■ WORK TO COMPLETE: In the entries below, find the line with "apply: contra ab;" and the line with "forall k, 0 < a". Return those two lines and all lines between them, exactly.

■ DATA TO USE:
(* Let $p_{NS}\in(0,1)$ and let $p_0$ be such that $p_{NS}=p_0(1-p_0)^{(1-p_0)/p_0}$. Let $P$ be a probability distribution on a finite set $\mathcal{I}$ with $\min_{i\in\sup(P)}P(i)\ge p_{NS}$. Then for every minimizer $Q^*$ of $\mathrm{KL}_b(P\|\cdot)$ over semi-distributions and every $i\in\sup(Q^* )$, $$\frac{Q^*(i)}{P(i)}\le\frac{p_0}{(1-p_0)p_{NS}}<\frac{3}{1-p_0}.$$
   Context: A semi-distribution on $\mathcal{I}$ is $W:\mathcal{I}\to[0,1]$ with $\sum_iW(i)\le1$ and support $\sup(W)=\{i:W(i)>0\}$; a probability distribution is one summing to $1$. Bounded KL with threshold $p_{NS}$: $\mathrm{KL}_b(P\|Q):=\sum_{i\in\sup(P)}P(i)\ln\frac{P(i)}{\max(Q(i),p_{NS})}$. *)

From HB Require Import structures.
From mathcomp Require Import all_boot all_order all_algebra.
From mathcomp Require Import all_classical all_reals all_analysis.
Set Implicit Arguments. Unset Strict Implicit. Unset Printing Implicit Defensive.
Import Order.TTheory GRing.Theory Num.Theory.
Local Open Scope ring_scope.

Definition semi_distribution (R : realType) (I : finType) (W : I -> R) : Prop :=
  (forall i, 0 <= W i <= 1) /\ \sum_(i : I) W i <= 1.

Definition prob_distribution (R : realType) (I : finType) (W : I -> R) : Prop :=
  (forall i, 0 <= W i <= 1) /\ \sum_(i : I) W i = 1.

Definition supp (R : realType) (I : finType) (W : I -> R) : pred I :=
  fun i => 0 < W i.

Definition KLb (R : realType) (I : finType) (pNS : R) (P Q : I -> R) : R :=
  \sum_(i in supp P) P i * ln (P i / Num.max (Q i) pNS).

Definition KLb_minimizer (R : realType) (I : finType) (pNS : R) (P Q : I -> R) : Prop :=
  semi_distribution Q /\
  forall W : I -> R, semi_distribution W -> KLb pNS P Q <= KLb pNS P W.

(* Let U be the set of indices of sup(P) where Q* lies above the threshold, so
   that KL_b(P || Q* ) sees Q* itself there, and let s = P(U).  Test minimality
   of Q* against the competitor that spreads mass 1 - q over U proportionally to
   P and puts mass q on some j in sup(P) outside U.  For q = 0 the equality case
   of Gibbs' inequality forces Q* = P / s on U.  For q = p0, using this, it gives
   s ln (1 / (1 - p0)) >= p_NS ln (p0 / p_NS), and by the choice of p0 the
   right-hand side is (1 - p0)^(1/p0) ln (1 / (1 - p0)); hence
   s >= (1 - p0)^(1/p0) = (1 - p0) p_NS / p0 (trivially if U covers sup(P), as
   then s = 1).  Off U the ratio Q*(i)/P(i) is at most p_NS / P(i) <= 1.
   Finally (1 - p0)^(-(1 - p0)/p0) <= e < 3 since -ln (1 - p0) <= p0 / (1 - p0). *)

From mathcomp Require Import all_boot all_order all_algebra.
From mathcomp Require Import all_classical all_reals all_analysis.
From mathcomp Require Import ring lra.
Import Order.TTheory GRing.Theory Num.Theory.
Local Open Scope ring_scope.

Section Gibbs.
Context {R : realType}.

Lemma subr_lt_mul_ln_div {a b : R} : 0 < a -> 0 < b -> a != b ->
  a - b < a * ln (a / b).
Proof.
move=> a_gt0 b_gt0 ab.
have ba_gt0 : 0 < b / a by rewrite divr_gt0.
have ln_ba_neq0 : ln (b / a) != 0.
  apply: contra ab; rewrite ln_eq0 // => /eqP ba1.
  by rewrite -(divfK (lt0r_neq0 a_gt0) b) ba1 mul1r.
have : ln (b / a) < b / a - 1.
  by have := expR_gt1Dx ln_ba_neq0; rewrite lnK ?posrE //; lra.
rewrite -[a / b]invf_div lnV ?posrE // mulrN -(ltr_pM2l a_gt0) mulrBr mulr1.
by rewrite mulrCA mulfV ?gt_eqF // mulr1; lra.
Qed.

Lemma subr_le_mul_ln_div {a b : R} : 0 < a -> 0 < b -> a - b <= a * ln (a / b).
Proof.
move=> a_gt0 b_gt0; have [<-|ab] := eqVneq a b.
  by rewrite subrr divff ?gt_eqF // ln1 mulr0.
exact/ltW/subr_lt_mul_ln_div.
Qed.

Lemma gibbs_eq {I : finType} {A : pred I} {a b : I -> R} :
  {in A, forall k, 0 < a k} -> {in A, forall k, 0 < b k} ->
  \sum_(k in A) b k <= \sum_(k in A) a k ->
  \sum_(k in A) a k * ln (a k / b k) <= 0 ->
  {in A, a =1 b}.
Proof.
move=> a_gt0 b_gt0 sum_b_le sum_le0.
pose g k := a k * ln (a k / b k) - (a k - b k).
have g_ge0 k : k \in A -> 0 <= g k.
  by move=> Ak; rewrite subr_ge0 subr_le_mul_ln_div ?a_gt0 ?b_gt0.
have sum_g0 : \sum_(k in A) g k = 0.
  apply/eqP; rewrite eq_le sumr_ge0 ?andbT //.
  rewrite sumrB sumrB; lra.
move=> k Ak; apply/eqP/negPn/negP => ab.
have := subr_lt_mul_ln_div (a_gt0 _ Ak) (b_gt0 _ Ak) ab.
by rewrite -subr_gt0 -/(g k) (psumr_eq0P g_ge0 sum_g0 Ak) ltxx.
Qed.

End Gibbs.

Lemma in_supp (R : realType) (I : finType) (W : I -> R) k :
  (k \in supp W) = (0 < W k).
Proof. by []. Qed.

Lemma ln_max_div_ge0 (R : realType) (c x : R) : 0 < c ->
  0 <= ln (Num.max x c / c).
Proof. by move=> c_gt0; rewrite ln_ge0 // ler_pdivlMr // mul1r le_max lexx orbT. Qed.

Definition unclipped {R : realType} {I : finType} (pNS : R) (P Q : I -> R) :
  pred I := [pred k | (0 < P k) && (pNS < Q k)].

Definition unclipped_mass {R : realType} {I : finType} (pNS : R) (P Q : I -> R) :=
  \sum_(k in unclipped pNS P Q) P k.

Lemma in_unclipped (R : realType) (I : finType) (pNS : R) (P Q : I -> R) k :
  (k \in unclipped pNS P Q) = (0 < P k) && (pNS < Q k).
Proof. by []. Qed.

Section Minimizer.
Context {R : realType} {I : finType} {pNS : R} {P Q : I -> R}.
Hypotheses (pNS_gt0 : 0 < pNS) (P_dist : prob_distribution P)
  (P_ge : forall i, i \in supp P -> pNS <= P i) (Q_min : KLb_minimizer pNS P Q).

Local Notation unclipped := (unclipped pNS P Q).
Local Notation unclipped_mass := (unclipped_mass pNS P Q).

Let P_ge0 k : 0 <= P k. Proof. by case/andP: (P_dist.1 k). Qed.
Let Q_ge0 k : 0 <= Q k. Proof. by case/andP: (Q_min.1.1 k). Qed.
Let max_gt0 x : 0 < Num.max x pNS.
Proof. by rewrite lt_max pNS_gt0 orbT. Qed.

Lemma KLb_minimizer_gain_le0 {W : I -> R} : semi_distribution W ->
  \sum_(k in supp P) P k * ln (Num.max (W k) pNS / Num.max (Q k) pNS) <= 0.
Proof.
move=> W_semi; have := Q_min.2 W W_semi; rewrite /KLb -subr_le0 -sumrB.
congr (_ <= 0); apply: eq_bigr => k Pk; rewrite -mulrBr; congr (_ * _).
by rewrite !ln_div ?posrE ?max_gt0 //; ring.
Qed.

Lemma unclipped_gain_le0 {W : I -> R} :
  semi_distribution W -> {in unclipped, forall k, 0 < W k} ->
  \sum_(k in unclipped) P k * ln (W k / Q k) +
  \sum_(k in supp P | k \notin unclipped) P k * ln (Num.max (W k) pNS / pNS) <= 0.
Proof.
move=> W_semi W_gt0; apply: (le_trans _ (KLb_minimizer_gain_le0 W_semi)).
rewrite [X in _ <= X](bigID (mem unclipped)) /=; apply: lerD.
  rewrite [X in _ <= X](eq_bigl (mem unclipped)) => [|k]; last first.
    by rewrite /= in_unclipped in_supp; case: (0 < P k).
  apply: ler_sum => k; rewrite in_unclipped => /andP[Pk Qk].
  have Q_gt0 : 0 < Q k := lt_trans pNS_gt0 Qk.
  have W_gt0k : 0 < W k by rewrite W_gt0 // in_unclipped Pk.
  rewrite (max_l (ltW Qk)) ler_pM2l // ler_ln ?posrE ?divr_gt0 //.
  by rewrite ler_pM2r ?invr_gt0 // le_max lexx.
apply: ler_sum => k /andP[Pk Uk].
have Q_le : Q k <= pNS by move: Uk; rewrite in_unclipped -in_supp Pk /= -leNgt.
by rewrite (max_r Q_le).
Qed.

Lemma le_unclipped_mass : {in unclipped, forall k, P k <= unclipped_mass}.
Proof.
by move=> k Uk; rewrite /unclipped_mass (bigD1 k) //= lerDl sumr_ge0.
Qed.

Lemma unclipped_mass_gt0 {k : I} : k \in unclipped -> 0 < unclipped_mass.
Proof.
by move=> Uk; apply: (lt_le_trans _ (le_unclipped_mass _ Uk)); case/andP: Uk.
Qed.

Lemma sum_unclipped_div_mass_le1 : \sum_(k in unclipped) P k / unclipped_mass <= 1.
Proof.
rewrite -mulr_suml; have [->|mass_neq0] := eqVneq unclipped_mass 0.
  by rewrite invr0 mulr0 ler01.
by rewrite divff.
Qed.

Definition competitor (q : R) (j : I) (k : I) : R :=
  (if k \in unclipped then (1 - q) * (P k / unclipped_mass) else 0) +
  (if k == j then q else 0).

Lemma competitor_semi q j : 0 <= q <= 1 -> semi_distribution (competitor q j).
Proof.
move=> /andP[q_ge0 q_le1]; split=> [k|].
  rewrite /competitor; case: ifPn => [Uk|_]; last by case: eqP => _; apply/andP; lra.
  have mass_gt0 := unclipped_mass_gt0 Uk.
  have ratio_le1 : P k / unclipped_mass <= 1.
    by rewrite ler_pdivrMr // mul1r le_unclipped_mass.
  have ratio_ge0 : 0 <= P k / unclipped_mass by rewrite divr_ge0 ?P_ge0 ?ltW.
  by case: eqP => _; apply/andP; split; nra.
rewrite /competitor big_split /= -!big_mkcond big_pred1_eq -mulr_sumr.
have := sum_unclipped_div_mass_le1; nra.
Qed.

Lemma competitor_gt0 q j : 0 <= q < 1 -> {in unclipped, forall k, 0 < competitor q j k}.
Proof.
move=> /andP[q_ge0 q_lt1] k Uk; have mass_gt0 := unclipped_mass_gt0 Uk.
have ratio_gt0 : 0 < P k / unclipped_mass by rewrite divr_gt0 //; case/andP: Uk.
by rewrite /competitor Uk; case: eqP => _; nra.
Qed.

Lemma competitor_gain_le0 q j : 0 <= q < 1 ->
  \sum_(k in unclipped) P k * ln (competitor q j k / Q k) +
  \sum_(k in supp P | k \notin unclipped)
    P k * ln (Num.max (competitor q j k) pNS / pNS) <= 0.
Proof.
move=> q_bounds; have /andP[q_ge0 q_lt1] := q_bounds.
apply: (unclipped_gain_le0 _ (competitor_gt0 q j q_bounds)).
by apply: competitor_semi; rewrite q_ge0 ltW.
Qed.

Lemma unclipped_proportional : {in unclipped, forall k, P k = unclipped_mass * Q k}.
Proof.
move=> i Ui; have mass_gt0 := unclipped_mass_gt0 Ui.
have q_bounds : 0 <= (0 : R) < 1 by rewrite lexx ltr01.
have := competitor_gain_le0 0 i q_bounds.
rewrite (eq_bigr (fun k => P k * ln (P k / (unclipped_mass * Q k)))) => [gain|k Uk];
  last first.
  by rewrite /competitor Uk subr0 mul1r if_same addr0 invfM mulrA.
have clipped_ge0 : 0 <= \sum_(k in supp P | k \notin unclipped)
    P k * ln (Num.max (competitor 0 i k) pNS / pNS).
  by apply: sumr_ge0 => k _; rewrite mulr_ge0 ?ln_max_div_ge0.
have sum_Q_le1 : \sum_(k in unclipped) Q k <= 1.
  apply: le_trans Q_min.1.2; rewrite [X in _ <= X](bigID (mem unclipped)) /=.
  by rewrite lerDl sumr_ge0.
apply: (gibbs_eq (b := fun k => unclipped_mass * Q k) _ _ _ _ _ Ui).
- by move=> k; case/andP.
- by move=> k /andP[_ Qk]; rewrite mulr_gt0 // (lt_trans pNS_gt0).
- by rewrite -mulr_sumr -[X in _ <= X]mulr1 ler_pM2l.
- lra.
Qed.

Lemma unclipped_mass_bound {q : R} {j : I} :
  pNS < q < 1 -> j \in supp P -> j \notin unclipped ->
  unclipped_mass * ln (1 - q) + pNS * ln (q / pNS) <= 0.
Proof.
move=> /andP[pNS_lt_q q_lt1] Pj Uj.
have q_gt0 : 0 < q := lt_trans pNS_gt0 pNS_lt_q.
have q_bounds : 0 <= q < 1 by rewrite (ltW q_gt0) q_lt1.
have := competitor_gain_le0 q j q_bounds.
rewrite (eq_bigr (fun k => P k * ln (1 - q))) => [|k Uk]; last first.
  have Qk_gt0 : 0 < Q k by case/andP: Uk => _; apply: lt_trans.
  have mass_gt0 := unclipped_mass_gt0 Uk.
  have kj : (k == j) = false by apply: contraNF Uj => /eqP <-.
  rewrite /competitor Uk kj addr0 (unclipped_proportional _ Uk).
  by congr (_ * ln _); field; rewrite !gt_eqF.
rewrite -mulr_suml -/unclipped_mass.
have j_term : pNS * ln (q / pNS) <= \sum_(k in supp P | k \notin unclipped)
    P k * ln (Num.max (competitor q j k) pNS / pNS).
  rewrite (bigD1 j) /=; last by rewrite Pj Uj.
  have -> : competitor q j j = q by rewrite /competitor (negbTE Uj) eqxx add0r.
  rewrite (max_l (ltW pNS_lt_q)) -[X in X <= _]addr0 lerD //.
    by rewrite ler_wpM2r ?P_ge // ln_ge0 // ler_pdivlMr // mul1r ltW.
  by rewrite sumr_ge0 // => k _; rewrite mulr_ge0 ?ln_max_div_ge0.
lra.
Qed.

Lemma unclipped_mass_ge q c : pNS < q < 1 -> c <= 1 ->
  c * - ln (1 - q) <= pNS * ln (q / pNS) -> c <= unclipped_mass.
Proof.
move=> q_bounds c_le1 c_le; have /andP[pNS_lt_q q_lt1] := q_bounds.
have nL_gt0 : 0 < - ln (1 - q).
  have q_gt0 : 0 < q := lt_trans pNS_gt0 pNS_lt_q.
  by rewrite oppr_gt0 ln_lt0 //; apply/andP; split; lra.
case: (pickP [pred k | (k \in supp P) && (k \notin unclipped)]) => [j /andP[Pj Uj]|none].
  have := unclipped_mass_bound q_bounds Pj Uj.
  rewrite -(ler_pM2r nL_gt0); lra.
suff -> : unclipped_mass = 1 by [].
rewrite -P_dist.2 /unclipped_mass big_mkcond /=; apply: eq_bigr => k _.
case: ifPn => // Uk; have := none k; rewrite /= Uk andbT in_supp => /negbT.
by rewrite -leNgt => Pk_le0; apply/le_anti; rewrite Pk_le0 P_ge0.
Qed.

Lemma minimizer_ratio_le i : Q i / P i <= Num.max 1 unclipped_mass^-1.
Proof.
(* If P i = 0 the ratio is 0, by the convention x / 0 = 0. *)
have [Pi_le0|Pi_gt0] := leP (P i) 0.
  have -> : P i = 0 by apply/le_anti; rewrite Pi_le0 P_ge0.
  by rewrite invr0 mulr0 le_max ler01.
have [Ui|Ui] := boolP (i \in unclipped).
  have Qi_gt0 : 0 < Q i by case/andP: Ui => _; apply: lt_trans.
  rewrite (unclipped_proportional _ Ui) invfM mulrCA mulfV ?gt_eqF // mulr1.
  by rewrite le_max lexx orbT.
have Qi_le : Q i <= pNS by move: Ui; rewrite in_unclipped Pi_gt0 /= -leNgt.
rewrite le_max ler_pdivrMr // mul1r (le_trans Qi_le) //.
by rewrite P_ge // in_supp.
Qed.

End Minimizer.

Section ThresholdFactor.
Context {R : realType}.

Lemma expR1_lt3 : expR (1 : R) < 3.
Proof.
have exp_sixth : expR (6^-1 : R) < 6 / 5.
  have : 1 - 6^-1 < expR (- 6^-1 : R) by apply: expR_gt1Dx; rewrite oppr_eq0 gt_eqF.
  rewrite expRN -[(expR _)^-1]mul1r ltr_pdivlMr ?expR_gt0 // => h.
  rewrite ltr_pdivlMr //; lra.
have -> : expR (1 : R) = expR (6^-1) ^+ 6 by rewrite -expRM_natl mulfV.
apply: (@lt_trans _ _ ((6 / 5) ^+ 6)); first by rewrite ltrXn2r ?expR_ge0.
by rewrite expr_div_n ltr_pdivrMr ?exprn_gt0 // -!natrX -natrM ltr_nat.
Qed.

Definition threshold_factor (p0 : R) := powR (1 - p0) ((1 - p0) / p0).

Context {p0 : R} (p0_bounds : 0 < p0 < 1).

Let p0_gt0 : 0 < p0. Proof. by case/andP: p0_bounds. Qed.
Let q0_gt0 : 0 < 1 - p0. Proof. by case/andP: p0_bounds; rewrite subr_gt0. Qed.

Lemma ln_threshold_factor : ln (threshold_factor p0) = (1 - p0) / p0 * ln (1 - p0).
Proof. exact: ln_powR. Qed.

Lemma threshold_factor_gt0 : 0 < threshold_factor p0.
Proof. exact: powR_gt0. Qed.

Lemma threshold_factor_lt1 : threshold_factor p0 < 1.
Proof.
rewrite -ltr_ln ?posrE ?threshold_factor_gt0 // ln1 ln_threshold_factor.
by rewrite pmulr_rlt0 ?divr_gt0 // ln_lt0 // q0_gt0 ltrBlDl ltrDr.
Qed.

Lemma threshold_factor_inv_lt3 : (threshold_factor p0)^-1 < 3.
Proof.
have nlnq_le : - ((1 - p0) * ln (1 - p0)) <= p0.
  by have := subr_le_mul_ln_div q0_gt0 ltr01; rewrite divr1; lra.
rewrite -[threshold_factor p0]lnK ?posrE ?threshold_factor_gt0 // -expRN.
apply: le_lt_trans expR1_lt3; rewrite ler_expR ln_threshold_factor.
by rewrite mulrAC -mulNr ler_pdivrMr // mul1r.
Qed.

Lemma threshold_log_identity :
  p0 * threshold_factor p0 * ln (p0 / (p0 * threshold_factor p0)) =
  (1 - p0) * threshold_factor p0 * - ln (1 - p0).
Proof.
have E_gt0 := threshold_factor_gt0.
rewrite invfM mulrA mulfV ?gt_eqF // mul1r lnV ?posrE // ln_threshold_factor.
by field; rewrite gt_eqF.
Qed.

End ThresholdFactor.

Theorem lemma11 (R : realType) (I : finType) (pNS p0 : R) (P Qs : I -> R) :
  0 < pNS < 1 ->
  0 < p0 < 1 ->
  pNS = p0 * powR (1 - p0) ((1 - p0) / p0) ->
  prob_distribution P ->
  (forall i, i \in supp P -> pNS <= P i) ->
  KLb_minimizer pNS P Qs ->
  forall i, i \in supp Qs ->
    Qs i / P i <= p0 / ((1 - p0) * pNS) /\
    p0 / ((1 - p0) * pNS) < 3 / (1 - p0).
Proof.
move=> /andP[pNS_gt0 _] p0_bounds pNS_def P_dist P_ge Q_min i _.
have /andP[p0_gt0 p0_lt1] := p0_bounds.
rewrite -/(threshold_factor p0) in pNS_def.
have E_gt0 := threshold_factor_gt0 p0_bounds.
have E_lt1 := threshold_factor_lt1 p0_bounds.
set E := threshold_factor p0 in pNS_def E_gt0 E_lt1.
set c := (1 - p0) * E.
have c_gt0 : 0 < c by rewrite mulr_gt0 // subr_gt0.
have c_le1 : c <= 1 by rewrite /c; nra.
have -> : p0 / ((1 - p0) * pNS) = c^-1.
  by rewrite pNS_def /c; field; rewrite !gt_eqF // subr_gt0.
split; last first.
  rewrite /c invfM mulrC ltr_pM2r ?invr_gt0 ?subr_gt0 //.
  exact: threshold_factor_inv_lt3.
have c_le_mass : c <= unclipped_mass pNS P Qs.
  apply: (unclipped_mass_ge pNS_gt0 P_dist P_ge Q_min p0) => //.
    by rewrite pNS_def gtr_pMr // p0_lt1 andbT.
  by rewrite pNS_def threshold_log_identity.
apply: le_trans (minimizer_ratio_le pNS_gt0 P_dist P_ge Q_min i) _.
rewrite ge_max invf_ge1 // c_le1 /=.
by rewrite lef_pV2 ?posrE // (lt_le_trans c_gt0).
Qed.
==
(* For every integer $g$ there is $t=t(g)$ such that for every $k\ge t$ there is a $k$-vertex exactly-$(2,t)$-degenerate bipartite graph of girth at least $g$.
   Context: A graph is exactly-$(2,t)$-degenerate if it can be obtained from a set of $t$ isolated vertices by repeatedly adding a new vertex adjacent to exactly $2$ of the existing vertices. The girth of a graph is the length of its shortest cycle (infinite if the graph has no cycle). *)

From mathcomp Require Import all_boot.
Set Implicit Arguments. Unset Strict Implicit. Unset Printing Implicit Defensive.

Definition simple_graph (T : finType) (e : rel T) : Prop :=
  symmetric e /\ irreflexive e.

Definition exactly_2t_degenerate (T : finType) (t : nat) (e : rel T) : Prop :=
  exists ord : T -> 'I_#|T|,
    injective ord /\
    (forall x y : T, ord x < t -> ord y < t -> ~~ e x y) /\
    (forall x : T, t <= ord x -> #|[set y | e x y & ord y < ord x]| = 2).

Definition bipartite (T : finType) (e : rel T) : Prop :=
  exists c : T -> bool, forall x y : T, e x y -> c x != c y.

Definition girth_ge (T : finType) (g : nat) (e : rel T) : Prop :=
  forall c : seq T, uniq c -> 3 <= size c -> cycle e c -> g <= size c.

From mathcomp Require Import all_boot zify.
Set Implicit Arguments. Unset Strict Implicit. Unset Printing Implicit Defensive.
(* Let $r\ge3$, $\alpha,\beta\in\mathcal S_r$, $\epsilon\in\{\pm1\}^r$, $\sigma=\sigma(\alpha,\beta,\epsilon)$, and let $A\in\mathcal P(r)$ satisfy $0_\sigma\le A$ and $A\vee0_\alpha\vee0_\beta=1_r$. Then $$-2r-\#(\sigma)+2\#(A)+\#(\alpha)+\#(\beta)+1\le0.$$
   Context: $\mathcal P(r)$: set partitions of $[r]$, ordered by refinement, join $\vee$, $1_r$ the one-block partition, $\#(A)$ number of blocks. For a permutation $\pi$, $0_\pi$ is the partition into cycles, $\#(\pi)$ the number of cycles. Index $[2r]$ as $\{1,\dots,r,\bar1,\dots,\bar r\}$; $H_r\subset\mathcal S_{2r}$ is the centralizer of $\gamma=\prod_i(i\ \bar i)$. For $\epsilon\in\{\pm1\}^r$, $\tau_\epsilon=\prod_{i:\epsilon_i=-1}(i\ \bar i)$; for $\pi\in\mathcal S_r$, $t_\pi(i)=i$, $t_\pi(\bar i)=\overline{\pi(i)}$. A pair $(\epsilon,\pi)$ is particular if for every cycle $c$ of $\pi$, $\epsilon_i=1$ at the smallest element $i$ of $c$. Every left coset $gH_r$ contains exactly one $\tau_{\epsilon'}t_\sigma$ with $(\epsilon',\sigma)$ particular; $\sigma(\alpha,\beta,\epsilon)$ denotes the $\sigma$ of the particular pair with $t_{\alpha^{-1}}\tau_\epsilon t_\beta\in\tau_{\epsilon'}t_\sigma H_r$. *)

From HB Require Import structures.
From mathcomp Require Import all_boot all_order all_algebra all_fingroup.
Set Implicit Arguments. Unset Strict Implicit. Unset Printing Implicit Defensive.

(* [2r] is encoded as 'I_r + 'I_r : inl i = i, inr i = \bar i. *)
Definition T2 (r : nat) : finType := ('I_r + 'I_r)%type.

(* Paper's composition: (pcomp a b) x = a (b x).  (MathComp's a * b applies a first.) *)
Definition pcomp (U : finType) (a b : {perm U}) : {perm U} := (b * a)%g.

■ TASK RESPONSE:
  apply: contra ab; rewrite ln_eq0 // => /eqP ba1.
  by rewrite -(divfK (lt0r_neq0 a_gt0) b) ba1 mul1r.
have : ln (b / a) < b / a - 1.
  by have := expR_gt1Dx ln_ba_neq0; rewrite lnK ?posrE //; lra.
rewrite -[a / b]invf_div lnV ?posrE // mulrN -(ltr_pM2l a_gt0) mulrBr mulr1.
by rewrite mulrCA mulfV ?gt_eqF // mulr1; lra.
Qed.

Lemma subr_le_mul_ln_div {a b : R} : 0 < a -> 0 < b -> a - b <= a * ln (a / b).
Proof.
move=> a_gt0 b_gt0; have [<-|ab] := eqVneq a b.
  by rewrite subrr divff ?gt_eqF // ln1 mulr0.
exact/ltW/subr_lt_mul_ln_div.
Qed.

Lemma gibbs_eq {I : finType} {A : pred I} {a b : I -> R} :
  {in A, forall k, 0 < a k} -> {in A, forall k, 0 < b k} ->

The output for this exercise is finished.